Published on August 1st, 2016 | by Tina Casey


3-D Printed “Whispering Gallery” Concentrating Solar Power Coming To A Rooftop Near You…Eventually

August 1st, 2016 by  

If you thought concentrating solar power was dead, guess again. A new round of $11 million in Energy Department funding for cutting edge solar R&D includes six CSP projects, and one of them in particular stands out as a game-changer. It deploys the “whispering gallery” effect and 3-D printing to miniaturize CSP plants — those gigantic, lumbering installations that typically occupy hundreds of acres in remote deserts — into a comparatively compact, lightweight configuration suitable for urban and suburban site rooftops.

CSP solar glass

Concentrating Solar Power, With Trackers

For those of you new to the topic, utility scale CSP plants consist of thousands of heliostats (that’s fancyspeak for special mirrors) or other large solar energy collecting modules. Each module is mounted on a tracking device that rotates throughout the day, keeping its payload in an optimal position to collect solar energy as the sun moves across the sky. All that energy is then transported to a central location.

The US Energy Department has already established a showcase collection of five large scale CSP plants based on conventional trackers, including the Ivanpah plant in California:

Ivanpah solar power 1

Trackers enable the plant to operate more efficiently, but they are heavy, expensive mechanical devices, typically made of concrete and steel. They seem more at home in a steampunk landscape than in the 21st century world of advanced electronics.

If you look closely at that photo above you can see that part of the problem is space. Each silver dot is a heliostat mounted on a tracker. Each of those modules requires a relatively large amount of space between itself and the next one, partly to enable optimal rotation and partly to allow access for repair and maintenance.

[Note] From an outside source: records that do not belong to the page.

Lemma quant_err_le_distortion (R : realType) (n : nat) (alpha : {fset R}) :
  (#|` alpha| <= n)%N -> (quant_err R n <= distortion alpha)%E.
Proof. by move=> card_le; apply: ereal_inf_lbound; exists alpha. Qed.

Lemma cardfs4_le (T : choiceType) (a b c d : T) : (#|` [fset a; b; c; d]%fset| <= 4)%N.
Proof. by rewrite !cardfsU !cardfs1; lia. Qed.

Local Open Scope fset_scope.

Theorem lemma5p6 (R : realType) (a1 a2 a3 a4 : R) :
  a1 < a2 -> a2 < a3 -> a3 < a4 ->
  optimal_set 4 [fset a1; a2; a3; a4] ->
  [/\ a1 = 1 / 12, a2 = 1 / 4, a3 = 13 / 18, a4 = 17 / 18
    & quant_err R 4 = (13 / 7776 : R)%:E].
Proof.
move=> a12 a23 a34 [_ opt].
have V_le : (quant_err R 4 <= (13/7776 : R)%:E)%E.
  apply: le_trans (distortion_fset4_optimum_le R).
  exact/quant_err_le_distortion/cardfs4_le.
have [F [F_le ge_F F_eq]] := distortion_fset4_sharp a12 a23 a34.
rewrite opt in F_le.
have F_le' : F <= 13/7776 by rewrite -lee_fin; exact: le_trans F_le V_le.
have [-> -> -> ->] := F_eq F_le'.
split => //; apply/le_anti; rewrite V_le /=.
by apply: le_trans F_le; rewrite lee_fin.
Qed.
(* Let $\mu \in C^1(\mathbb{R})$ and a periodic $\phi\in C^2(\mathbb{R})$ satisfy $\phi''(x) = 1 - \int_{\mathbb{R}} \mu(\tfrac12 v^2 + \phi(x))\,dv$ together with assumptions (i)–(iv) below. Then $q(x) = \int_{\mathbb{R}} \mu'(\tfrac12 v^2 + \phi(x))\,dv > 0$ for some $x \in [0,P_\phi]$ (indeed for some $x\in[0,P_\phi/2]$). In particular, it is impossible that $\mu'(e) \le 0$ for all $e \in [\phi_-,\infty)$.
   Context: Assumptions: (i) $\mu\in C^1(\mathbb{R})$ is nonnegative; (ii) $\int_{\mathbb{R}} \mu(\tfrac12 v^2)\,dv = 1$; (iii) there are $\gamma>1$, $C>0$ with $|\mu'(y)| \le C/(1+|y|^\gamma)$ for all $y$; (iv) $\phi$ is nonconstant with minimal period $P_\phi$, and, writing $\phi_+ = \max\phi$, $\phi_- = \min\phi$, it is normalized so that $\phi(0)=\phi(P_\phi)=\phi_+$, $\phi(P_\phi/2) = \phi_-$, $\phi(x) = \phi(P_\phi - x)$ for all $x\in[0,P_\phi]$, and $\phi$ is strictly decreasing on $[0,P_\phi/2]$. *)

From Stdlib Require Import Reals.
Open Scope R_scope.

(* |y|^g for real exponent g > 0, with the convention 0^g = 0
   (Stdlib's Rpower 0 g is exp (g * ln 0) = 1, so we special-case 0). *)
Definition abs_rpow (y g : R) : R :=
  match Req_EM_T y 0 with
  | left _ => 0
  | right _ => Rpower (Rabs y) g
  end.

Definition improper_integral (f : R -> R) (l : R) : Prop :=
  (forall a b : R, inhabited (Riemann_integrable f a b)) /\
  (forall eps : R, eps > 0 ->
     exists M : R, forall (a b : R) (pr : Riemann_integrable f a b),
       a <= - M -> M <= b -> Rabs (RiemannInt pr - l) < eps).

From Stdlib Require Import Reals Lra Lia Psatz Classical.
From Coquelicot Require Import Coquelicot.
Open Scope R_scope.
(* Let $p(x),q(x)\in\mathbb{C}[x]$, let $b\geq 2$ be an integer, and let $\alpha=(\alpha_0,\dots,\alpha_{m-1})\in\mathbb{N}^m$. Then the function $n\mapsto u_{p,q,b,\alpha}(n)$ has a rational generating function; that is, there exist $P(x),Q(x)\in\mathbb{C}[x]$ with $Q(0)\neq 0$ such that $\sum_{n\geq 0}u_{p,q,b,\alpha}(n)x^n=P(x)/Q(x)$ as formal power series.
   Context: $\mathbb{N}=\{0,1,2,\dots\}$. For $n\geq 0$ define $F_{p,q,b,n}(x)=q(x)\prod_{i=0}^{n-1}p(x^{b^i})=\sum_{i\geq 0}c_i(n)x^i$, with the convention $c_i(n)=0$ for $i<0$. Define $$u_{p,q,b,\alpha}(n)=\sum_{k} c_k(n)^{\alpha_0}c_{k+1}(n)^{\alpha_1}\cdots c_{k+m-1}(n)^{\alpha_{m-1}},$$ the sum over all integers $k$ (only finitely many terms are nonzero when some exponent is positive; take $0^0=1$ and assume $\alpha\neq 0$). *)

(* Complex numbers are modelled as R[i] = complex R for an
   arbitrary R : realType (mathcomp-analysis reals; real-closed complex). *)
From mathcomp Require Import all_boot all_algebra.
From mathcomp Require Import reals complex.
Set Implicit Arguments. Unset Strict Implicit. Unset Printing Implicit Defensive.
Import GRing.Theory Num.Theory.
Local Open Scope ring_scope.

Definition Fpoly (C : comNzRingType) (p q : {poly C}) (b n : nat) : {poly C} :=
  q * \prod_(i < n) (p \Po 'X^(b ^ i)).

Definition coefc (C : comNzRingType) (p q : {poly C}) (b n : nat) (k : int) : C :=
  match k with
  | Posz k' => (Fpoly p q b n)`_k'
  | Negz _ => 0
  end.

(* u_{p,q,b,alpha}(n) = sum over integers k of
     c_k(n)^{alpha_0} ... c_{k+m-1}(n)^{alpha_{m-1}}   (with 0^0 = 1).
   When some alpha_j > 0, the summand vanishes unless 0 <= k + j < size F,
   i.e. unless -(m-1) <= k < size F; we sum over k in [-m, size F + m),
   which contains all possibly nonzero terms. *)
Definition useq (C : comNzRingType) (p q : {poly C}) (b m : nat)
    (alpha : 'I_m -> nat) (n : nat) : C :=
  \sum_(i <- iota 0 (size (Fpoly p q b n) + m + m))
     \prod_(j < m) coefc p q b n ((i%:Z - m%:Z) + (j : nat)%:Z) ^+ alpha j.

From mathcomp Require Import all_boot all_algebra.
From mathcomp Require Import reals complex.
From mathcomp Require Import zify ring.
Set Implicit Arguments. Unset Strict Implicit. Unset Printing Implicit Defensive.
Import GRing.Theory Num.Theory.
Local Open Scope ring_scope.

(* Repeat each offset j exactly alpha_j times to get offsets d_1, ..., d_r, so
   that u(n) = sum_k prod_t c_{k + d_t}(n).  Writing F_n = q G_n with
   G_n = prod_{i<n} p(x^(b^i)), u(n) is a fixed linear combination of the
   correlations T_n(e) = sum_k prod_t g_{k + e_t}(n) of the coefficients of G_n,
   for shift vectors e in [-M, M]^r, where M = size p + size q + m.  Since
   G_(n+1) = p * G_n(x^b), splitting k by its residue modulo b expresses every
   T_(n+1)(e) linearly through the T_n(e'), and b >= 2 keeps the new shifts in
   [-M, M].  Hence u(n) = w A^n v for a finite transfer matrix A, and by
   Cayley-Hamilton the reversed characteristic polynomial of A is a denominator
   with constant coefficient 1. *)

Definition rational_gf (C : comNzRingType) (u : nat -> C) : Prop :=
  exists P Q : {poly C}, Q`_0 != 0 /\
    forall n, P`_n = \sum_(i < n.+1) Q`_i * u (n - i)%N.

Lemma eq_rational_gf (C : comNzRingType) (u v : nat -> C) :
  u =1 v -> rational_gf u -> rational_gf v.
Proof.
move=> eq_uv [P [Q [Q0 PQ]]]; exists P, Q; split=> // n.
by rewrite PQ; apply: eq_bigr => i _; rewrite eq_uv.
Qed.

Lemma big_ord_trunc (C : nmodType) (n k : nat) (F : nat -> C) :
  (k <= n)%N -> (forall i, (k <= i < n)%N -> F i = 0) ->
  \sum_(i < n) F i = \sum_(i < k) F i.
Proof.
move=> le_kn F0; rewrite (big_ord_widen _ _ le_kn) [RHS]big_mkcond /=.
by apply: eq_bigr => i _; case: ifPn; rewrite // -leqNgt => ?; rewrite F0 ?ltn_ord ?andbT.
Qed.

Lemma rational_gf_mxpow (C : comNzRingType) (D : nat) (A : 'M[C]_D)
    (w : 'rV_D) (v : 'cV_D) :
  rational_gf (fun n => (w *m A ^+ n *m v) 0 0).
Proof.
case: D A w v => [|D] A w v.
  exists 0, 1; split=> [|n]; first by rewrite coef1 oner_neq0.
  by rewrite coef0 big1 // => i _; rewrite [w]thinmx0 !mul0mx mxE mulr0.
pose chi := char_poly A.
have size_chi : size chi = D.+2 := size_char_poly A.
have lead_chi : chi`_D.+1 = 1.
  by have /monicP := char_poly_monic A; rewrite /lead_coef size_chi.
pose Q := \poly_(i < D.+2) chi`_(D.+1 - i).
have coefQ j : Q`_j = if (j < D.+2)%N then chi`_(D.+1 - j) else 0 by rewrite coef_poly.
pose u n := (w *m A ^+ n *m v) 0 0.
exists (\poly_(i < D.+1) \sum_(j < i.+1) Q`_j * u (i - j)%N), Q.
split=> [|n]; first by rewrite coefQ subn0 lead_chi oner_neq0.
rewrite coef_poly; case: ltnP => // le_Dn.
rewrite (@big_ord_trunc _ n.+1 D.+2 (fun j => Q`_j * u (n - j)%N)) => [|//|j]; last first.
  by case/andP=> lt_Dj _; rewrite coefQ ltnNge lt_Dj mul0r.
have -> : \sum_(j < D.+2) Q`_j * u (n - j)%N =
          (w *m (A ^+ (n - D.+1) * horner_mx A chi) *m v) 0 0.
  rewrite -[chi in horner_mx _ chi]coefK poly_def size_chi linear_sum /=.
  rewrite mulr_sumr mulmx_sumr mulmx_suml summxE (reindex_inj rev_ord_inj) /=.
  apply: eq_bigr => j _; have lt_jD := ltn_ord j.
  rewrite coefQ ifT; last lia.
  rewrite linearZ /= rmorphXn /= horner_mx_X -scalerAr -scalemxAr -scalemxAl mxE -exprD.
  by congr (chi`_ _ * (w *m A ^+ _ *m v) 0 0); lia.
by rewrite Cayley_Hamilton mulr0 mulmx0 mul0mx mxE.
Qed.

Section IntegerSums.
Variable V : nmodType.
Implicit Types (f g : int -> V).

Definition sumz_win f (lo len : nat) : V := \sum_(i < len) f (i%:Z - lo%:Z).

Definition sumz f (B : nat) : V := sumz_win f B (B + B).

Lemma sumz_win_widen f lo len lo' len' :
  (forall z, f z != 0 -> - lo%:Z <= z < len%:Z - lo%:Z) ->
  (lo <= lo')%N -> (len + lo' <= len' + lo)%N ->
  sumz_win f lo' len' = sumz_win f lo len.
Proof.
move=> supp_f le_lo le_len.
have f0 z : ~~ (- lo%:Z <= z < len%:Z - lo%:Z) -> f z = 0.
  by move=> out_z; apply/eqP; apply: contraNT out_z; apply: supp_f.
rewrite /sumz_win -!(big_mkord xpredT (fun i => f (i%:Z - _))).
rewrite (@big_cat_nat _ _ _ (lo' - lo)) ?leq0n //=; last lia.
rewrite (@big_cat_nat _ _ _ (lo' - lo + len) (lo' - lo)) //=; [|lia|lia].
rewrite [X in X + _]big1_seq ?add0r => [|i]; last first.
  by rewrite mem_index_iota => /andP[_ /andP[? ?]]; apply: f0; lia.
rewrite [X in _ + X]big1_seq ?addr0 => [|i]; last first.
  by rewrite mem_index_iota => /andP[_ /andP[? ?]]; apply: f0; lia.
rewrite -{1}[(lo' - lo)%N]add0n big_addn addKn.
by apply: eq_bigr => i _; congr f; lia.
Qed.

Lemma sumz_win_eq f lo len lo' len' :
  (forall z, f z != 0 -> - lo%:Z <= z < len%:Z - lo%:Z) ->
  (forall z, f z != 0 -> - lo'%:Z <= z < len'%:Z - lo'%:Z) ->
  sumz_win f lo' len' = sumz_win f lo len.
Proof.
move=> supp_f supp_f'; set lo2 := (lo + lo')%N; set len2 := (len + len' + lo2)%N.
rewrite -(@sumz_win_widen f lo len lo2 len2) /lo2 /len2 //; try lia.
by rewrite (@sumz_win_widen f lo' len' lo2 len2) /lo2 /len2 //; lia.
Qed.

Lemma sumz_widen f B B' :
  (forall z, f z != 0 -> - B%:Z <= z < B%:Z) -> (B <= B')%N ->
  sumz f B' = sumz f B.
Proof.
move=> supp_f le_B; apply: sumz_win_widen => //; last lia.
by move=> z /supp_f; lia.
Qed.

Lemma eq_sumz f g B : f =1 g -> sumz f B = sumz g B.
Proof. by move=> eq_fg; apply: eq_bigr => i _; rewrite eq_fg. Qed.

Lemma sumz_sum (I : finType) (F : I -> int -> V) B :
  sumz (fun k => \sum_i F i k) B = \sum_i sumz (F i) B.
Proof. exact: exchange_big. Qed.

Lemma big_ord_mul (F : nat -> V) n b :
  \sum_(i < n * b) F i = \sum_(i < n) \sum_(r < b) F (i * b + r)%N.
Proof.
elim: n => [|n IHn]; first by rewrite mul0n !big_ord0.
by rewrite mulSnr big_split_ord /= IHn big_ord_recr.
Qed.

So, where to find space for behemoth plants like Ivanpah? In developed countries like the US, finding sites without running afoul of local opposition or environmental concerns (exaggerated or not) is already a struggle. New transmission lines for renewable energy have also become bones of contention (here’s an example relating to wind farms).

Check out the latest interactive solar projects map from SEIA and you can see that very few conventional CSP projects are in the US pipeline:

CSP solar US projects

Conventional CSP is far from dead, though. It still has plenty of room for growth, at least globally. One impressive example is Masdar’s Shams 1, which CleanTechnica got a chance to see first-hand during Sustainability Week in Abu Dhabi earlier this year.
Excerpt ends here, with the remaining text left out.